STOCKHOLM (Reuters) - A submarine wreck discovered off the eastern coast of Sweden probably dates from World War One rather than last year when the military hunted for a suspected Russian submersible, the Swedish armed forces said on Tuesday.
Monday’s announcement by shipwreck hunters made headlines in Sweden, coming less than a year after its navy searched for a suspected Russian submarine sighted near Stockholm in what as the country’s biggest military mobilization since the Cold War.
The military said in a statement that the find was likely a Russian submarine that sank in 1916. It had collided with a Swedish ship in poor visibility, killing all 18 crew members, local media said.
The shipwreck hunters’ company, Ocean X Team, had sent underwater footage of the wreck to the Swedish military. Cyrillic letters on the hull indicated it was Russian, according to Ocean X Team.

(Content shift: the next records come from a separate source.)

Lemma vnorm0 n : vnorm (0 : 'cV[C]_n) = 0.
Proof. by apply/eqP; rewrite vnorm_eq0. Qed.

Lemma vnorm_gt0 n (x : 'cV[C]_n) : x != 0 -> 0 < vnorm x.
Proof. by move=> x_neq0; rewrite lt_def vnorm_eq0 x_neq0 vnorm_ge0. Qed.

Lemma vnormZ n (a : C) (x : 'cV[C]_n) : vnorm (a *: x) = cabs a * vnorm x.
Proof.
apply: (@pexpIrn _ 2) => //; rewrite ?nnegrE ?mulr_ge0 ?vnorm_ge0 ?cabs_ge0 //.
rewrite exprMn !vnorm_sqr mulr_sumr; apply: eq_bigr => i _.
by rewrite mxE cabsM exprMn.
Qed.

Lemma qformD n (A B : 'M[C]_n) x : qform (A + B) x = qform A x + qform B x.
Proof. by rewrite /qform mulmxDr mulmxDl !mxE. Qed.

Lemma qformB n (A B : 'M[C]_n) x : qform (A - B) x = qform A x - qform B x.
Proof. by rewrite /qform mulmxBr mulmxBl !mxE. Qed.

Lemma qform_ctr_mulmx n (A B : 'M[C]_n) x :
  qform (ctr B *m A *m B) x = qform A (B *m x).
Proof. by rewrite /qform ctrM !mulmxA. Qed.

Lemma qform_ctrmul n (M : 'M[C]_n) x :
  qform (ctr M *m M) x = (vnorm (M *m x) ^+ 2)%:C.
Proof.
rewrite /qform mulmxA -ctrM -mulmxA vnorm_sqr rmorph_sum mxE.
by apply: eq_bigr => i _; rewrite -[RHS]/((cabs _ ^+ 2)%:C) cabs_sqr /ctr !mxE.
Qed.


Lemma opnorm_bounded n (A : 'M[C]_n) (c : R) : 0 <= c ->
    (forall x, vnorm (A *m x) <= c * vnorm x) ->
  [/\ 0 <= opnorm A, opnorm A <= c & forall x, vnorm (A *m x) <= opnorm A * vnorm x].
Proof.
move=> c_ge0 Ac.
pose E := [set r | exists2 x : 'cV[C]_n, x != 0 & r = vnorm (A *m x) / vnorm x].
have E_range r : E r -> 0 <= r <= c.
  move=> [x x_neq0 ->]; rewrite divr_ge0 ?vnorm_ge0 //=.
  by rewrite ler_pdivrMr ?vnorm_gt0.
have [op_ge0 op_le_c op_ub] := sup_in_range c_ge0 E_range.
split=> // x; have [->|x_neq0] := eqVneq x 0.
  by rewrite mulmx0 vnorm0 mulr0.
by rewrite -ler_pdivrMr ?vnorm_gt0 //; apply: op_ub; exists x.
Qed.

Lemma psd_tildeP n (S P : 'M[C]_n) : hpd S -> psd P -> psd (tildeP S P).
Proof.
move=> [S_herm _] [P_herm P_psd].
have ctr_invS : ctr (invmx S) = invmx S by rewrite ctrV S_herm.
rewrite /psd; have -> : tildeP S P + ctr (tildeP S P) = ctr (invmx S) *m (P + ctr P) *m invmx S.
  by rewrite /tildeP !ctrM ctr_invS !mulmxA mulmxDr mulmxDl.
split=> [|z]; last by rewrite qform_ctr_mulmx.
by rewrite /Defs.hermitian !ctrM P_herm !ctr_invS mulmxA.
Qed.

Lemma hpd_unitmx n (S : 'M[C]_n) : hpd S -> S \in unitmx.
Proof.
case=> _ S_pd; apply/contraT => /nonunitmx_ker [x x_neq0 Sx0].
by have := S_pd x x_neq0; rewrite /qform -mulmxA Sx0 mulmx0 mxE ltxx.
Qed.

Section Cayley.
Variables (n : nat) (P : 'M[C]_n).
Hypothesis P_psd : psd P.

Lemma vnorm_1subP_sqr x : vnorm ((1%:M - P) *m x) ^+ 2 =
  complex.Re (qform (1%:M + ctr P *m P) x) - complex.Re (qform (P + ctr P) x).
Proof.
rewrite -raddfB -qformB -[LHS]/(complex.Re (_ ^+ 2)%:C) -qform_ctrmul.
by rewrite ctrB ctr1 mulmxBl mul1mx mulmxBr mulmx1 opprB opprD addrACA.
Qed.

Lemma vnorm_1addP_sqr x : vnorm ((1%:M + P) *m x) ^+ 2 =
  complex.Re (qform (1%:M + ctr P *m P) x) + complex.Re (qform (P + ctr P) x).
Proof.
rewrite -raddfD -qformD -[LHS]/(complex.Re (_ ^+ 2)%:C) -qform_ctrmul.
by rewrite ctrD ctr1 mulmxDl mul1mx mulmxDr mulmx1 [ctr P + _]addrC addrACA.
Qed.

Lemma vnorm_1subP_le x : vnorm ((1%:M - P) *m x) <= vnorm ((1%:M + P) *m x).
Proof.
rewrite -(ler_sqr (vnorm_nneg _) (vnorm_nneg _)).
rewrite [X in X <= _]vnorm_1subP_sqr [X in _ <= X]vnorm_1addP_sqr lerD2l.
have : 0 <= qform (P + ctr P) x by case: P_psd.
by rewrite lecE => /andP[_ /= re_ge0]; rewrite (le_trans _ re_ge0) // oppr_le0.
Qed.

Lemma unitmx_1addP : 1%:M + P \in unitmx.
Proof.
apply/contraT => /nonunitmx_ker [x x_neq0 Px0].
have Qx0 : (1%:M - P) *m x = 0.
  apply/eqP; rewrite -vnorm_eq0 eq_le vnorm_ge0 andbT.
  by rewrite (le_trans (vnorm_1subP_le x)) // Px0 vnorm0.
have two_x : 2%:R *: x = (1%:M + P) *m x + (1%:M - P) *m x.
  by rewrite mulmxDl mulmxBl mul1mx addrACA subrr addr0 scaler_nat mulr2n.
move/eqP: two_x; rewrite Px0 Qx0 addr0 scaler_eq0 pnatr_eq0.
by rewrite (negbTE x_neq0).
Qed.

Definition cayley := invmx (1%:M + P) *m (1%:M - P).

Lemma cayley_mul_1addP : cayley *m (1%:M + P) = 1%:M - P.
Proof.
have PQ_comm : (1%:M - P) *m (1%:M + P) = (1%:M + P) *m (1%:M - P).
  by rewrite mulmxBl mulmxDl !mul1mx !mulmxDr mulmxN !mulmx1 opprD addrACA.
by rewrite /cayley -mulmxA PQ_comm (mulKmx unitmx_1addP).
Qed.

Lemma cayley_rightE : cayley = (1%:M - P) *m invmx (1%:M + P).
Proof. by rewrite -cayley_mul_1addP -mulmxA (mulmxV unitmx_1addP) mulmx1. Qed.

Lemma vnorm_cayley_le v : vnorm (cayley *m v) <= vnorm v.
Proof.
rewrite -[v](mulKVmx unitmx_1addP) (mulmxA cayley) cayley_mul_1addP.
exact: vnorm_1subP_le.
Qed.

Let fP_bounds :
  [/\ 0 <= fP P, fP P <= 1 & forall v, vnorm (cayley *m v) <= fP P * vnorm v].
Proof. by apply: opnorm_bounded ler01 _ => v; rewrite mul1r vnorm_cayley_le. Qed.

Lemma fP_ge0 : 0 <= fP P. Proof. by case: fP_bounds. Qed.

Lemma fP_le1 : fP P <= 1. Proof. by case: fP_bounds. Qed.

Lemma vnorm_cayley_le_fP v : vnorm (cayley *m v) <= fP P * vnorm v.
Proof. by case: fP_bounds => _ _; apply. Qed.

End Cayley.

Lemma mfunE n (Pi Pj : 'M[C]_n) x : mfun Pi Pj x =
  fP Pj * (vnorm ((1%:M - Pi) *m x) / vnorm ((1%:M + Pi) *m x)).
Proof.
rewrite /mfun /= -vnorm_1subP_sqr -vnorm_1addP_sqr -expr_div_n sqrtr_sqr.
by rewrite ger0_norm // divr_ge0 ?vnorm_ge0.
Qed.

Lemma mfun_ge0 n (Pi Pj : 'M[C]_n) x : psd Pj -> 0 <= mfun Pi Pj x.
Proof. by move=> Pj_psd; rewrite mfunE mulr_ge0 ?fP_ge0 ?divr_ge0 ?vnorm_ge0. Qed.

Lemma mfun_le1 n (Pi Pj : 'M[C]_n) x : psd Pi -> psd Pj -> mfun Pi Pj x <= 1.
Proof.
move=> Pi_psd Pj_psd; rewrite mfunE mulr_ile1 ?fP_ge0 ?fP_le1 ?divr_ge0 ?vnorm_ge0 //.
have [->|D_neq0] := eqVneq (vnorm ((1%:M + Pi) *m x)) 0; first by rewrite invr0 mulr0.
by rewrite ler_pdivrMr ?mul1r ?vnorm_1subP_le // lt_def D_neq0 vnorm_ge0.
Qed.

Section Similarity.
Variables (n : nat) (Sig S : 'M[C]_n).
Hypotheses (S_unit : S \in unitmx) (S_sqr : S *m S = Sig).

Lemma tildePK P : S *m tildeP S P *m S = P.
Proof. by rewrite /tildeP !mulmxA (mulmxV S_unit) mul1mx (mulmxKV S_unit). Qed.

Lemma addSig_tildeP P : Sig + P = S *m (1%:M + tildeP S P) *m S.
Proof. by rewrite mulmxDr mulmxDl mulmx1 S_sqr tildePK. Qed.

Lemma subSig_tildeP P : Sig - P = S *m (1%:M - tildeP S P) *m S.
Proof. by rewrite mulmxBr mulmxBl mulmx1 S_sqr tildePK. Qed.

Lemma invmx_conj M : M \in unitmx -> invmx (S *m M *m S) = invmx S *m invmx M *m invmx S.
Proof.
move=> M_unit; have SM_unit : S *m M \in unitmx by rewrite unitmx_mul S_unit.
by rewrite (invmxM SM_unit S_unit) (invmxM S_unit M_unit) mulmxA.
Qed.

Lemma Pplus_inv_Pminus (P1 P2 : 'M[C]_n) : psd P1 -> psd P2 ->
  invmx (Pplus P1 P2) *m Pminus P1 P2 =
  invmx (1%:M + P1) *m (1%:M - P2) *m invmx (1%:M + P2) *m (1%:M - P1).
Proof.
move=> P1_psd P2_psd.
rewrite /Pplus /Pminus (invmxM (unitmx_1addP P2_psd) (unitmx_1addP P1_psd)).
rewrite -!mulmxA; congr (_ *m _).
by rewrite !mulmxA -(cayley_rightE P2_psd).
Qed.

Lemma mulmx_invmx_conj (M1 N2 M2 N1 : 'M[C]_n) : M1 \in unitmx -> M2 \in unitmx ->
  invmx (S *m M1 *m S) *m (S *m N2 *m S) *m invmx (S *m M2 *m S) *m (S *m N1 *m S) =
  invmx S *m (invmx M1 *m N2 *m invmx M2 *m N1) *m S.
Proof.
move=> M1_unit M2_unit; rewrite (invmx_conj M1_unit) (invmx_conj M2_unit).
exact: mulmx_conj_cancel (mulVmx S_unit) (mulmxV S_unit).
Qed.

Lemma Gamma_PPS_similar (P1 P2 : 'M[C]_n) :
  psd (tildeP S P1) -> psd (tildeP S P2) ->
  Gamma_PPS Sig P1 P2 = invmx S *m
    (invmx (Pplus (tildeP S P1) (tildeP S P2)) *m Pminus (tildeP S P1) (tildeP S P2)) *m S.
Proof.
move=> Pt1_psd Pt2_psd.
rewrite /Gamma_PPS (subSig_tildeP P1) (subSig_tildeP P2) (addSig_tildeP P1) (addSig_tildeP P2).
rewrite (mulmx_invmx_conj _ _ (unitmx_1addP Pt1_psd) (unitmx_1addP Pt2_psd)).
by rewrite (Pplus_inv_Pminus Pt1_psd Pt2_psd).
Qed.

End Similarity.

Section EigenvalueBound.
Variables (n : nat) (P1 P2 : 'M[C]_n) (x : 'cV[C]_n) (l : C).
Hypotheses (P1_psd : psd P1) (P2_psd : psd P2) (x_neq0 : x != 0).
Hypothesis eig_x : invmx (Pplus P1 P2) *m Pminus P1 P2 *m x = l *: x.

Let y := invmx (1%:M + P2) *m (1%:M - P1) *m x.

Let addP2_y : (1%:M + P2) *m y = (1%:M - P1) *m x.
Proof. by rewrite /y -mulmxA mulKVmx ?unitmx_1addP. Qed.

Let subP2_y : (1%:M - P2) *m y = l *: ((1%:M + P1) *m x).
Proof.
move: eig_x; rewrite (Pplus_inv_Pminus P1_psd P2_psd) => /(congr1 (mulmx (1%:M + P1))).
rewrite scalemxAr -!mulmxA (mulKVmx (unitmx_1addP P1_psd)) => <-.
by rewrite /y !mulmxA.
Qed.

Let vnorm_addP1_x_gt0 : 0 < vnorm ((1%:M + P1) *m x).
Proof. by rewrite vnorm_gt0 // mulmx_unit_eq0 ?unitmx_1addP. Qed.

Let vnorm_subP2_y : vnorm ((1%:M - P2) *m y) = cabs l * vnorm ((1%:M + P1) *m x).
Proof. by rewrite subP2_y vnormZ. Qed.

Lemma eigenvalue_le_mfun1 : cabs l <= mfun P1 P2 x.
Proof.
rewrite mfunE mulrA (ler_pdivlMr _ _ vnorm_addP1_x_gt0) -vnorm_subP2_y -addP2_y.
by rewrite -(cayley_mul_1addP P2_psd) -mulmxA vnorm_cayley_le_fP.
Qed.

Lemma eigenvalue_le_mfun2 : cabs l <= mfun P2 P1 y.
Proof.
have [D0|D_neq0] := eqVneq (vnorm ((1%:M + P2) *m y)) 0.
  have : vnorm ((1%:M - P2) *m y) <= 0 by rewrite -D0 vnorm_1subP_le.
  rewrite vnorm_subP2_y pmulr_lle0 // => l_le0.
  exact: le_trans l_le0 (mfun_ge0 _ _ P1_psd).
have D_gt0 : 0 < vnorm ((1%:M + P2) *m y) by rewrite lt_def D_neq0 vnorm_ge0.
rewrite mfunE mulrA (ler_pdivlMr _ _ D_gt0) vnorm_subP2_y.
rewrite mulrCA ler_wpM2l ?cabs_ge0 // addP2_y.
by rewrite -(cayley_mul_1addP P1_psd) -mulmxA vnorm_cayley_le_fP.
Qed.

End EigenvalueBound.

Lemma Gamma_PPS_eigenvalue n (Sig S P1 P2 : 'M[C]_n) l :
  hpd S -> S *m S = Sig -> psd P1 -> psd P2 -> eigenvalue (Gamma_PPS Sig P1 P2) l ->
  let Pt1 := tildeP S P1 in let Pt2 := tildeP S P2 in
  exists2 x, ev (invmx (Pplus Pt1 Pt2) *m Pminus Pt1 Pt2) x &
    cabs l <= Order.min (mfun Pt1 Pt2 x)
                        (mfun Pt2 Pt1 (invmx (1%:M + Pt2) *m (1%:M - Pt1) *m x)).
Proof.
move=> S_hpd S_sqr P1_psd P2_psd /eigenvalue_colvec [x0 x0_neq0 Gx0] Pt1 Pt2.
have S_unit := hpd_unitmx S_hpd.
have [Pt1_psd Pt2_psd] := (psd_tildeP S_hpd P1_psd, psd_tildeP S_hpd P2_psd).
have Sx0_neq0 : S *m x0 != 0 by rewrite mulmx_unit_eq0.
have eig_Sx0 : invmx (Pplus Pt1 Pt2) *m Pminus Pt1 Pt2 *m (S *m x0) = l *: (S *m x0).
  move: Gx0; rewrite (Gamma_PPS_similar S_unit S_sqr Pt1_psd Pt2_psd).
  by move=> /(congr1 (mulmx S)); rewrite !mulmxA (mulmxV S_unit) mul1mx scalemxAr.
exists (S *m x0); first by split=> //; exists l.
rewrite le_min; apply/andP; split.
  exact: eigenvalue_le_mfun1 Pt1_psd Pt2_psd Sx0_neq0 eig_Sx0.
exact: eigenvalue_le_mfun2 Pt1_psd Pt2_psd Sx0_neq0 eig_Sx0.
Qed.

“I am 99.9 percent sure it’s from 1916, but the next step is to go down again and confirm it,” Dennis Asberg, a partner in Ocean X Team told Reuters.
Concerns about possible incursions by Russian submarines have increased as relations between Moscow and the West have worsened due to the Kremlin’s support for pro-Russian separatists in Ukraine.
During the four-decade Cold War that ended in 1990, the Swedish navy repeatedly chased suspected Soviet submarines along its coast with depth charges.
In 1981, in an incident known as “Whiskey on the Rocks,” a Soviet Whiskey-class submarine was stranded near a naval base deep inside Swedish waters after it ran aground, causing a diplomatic standoff.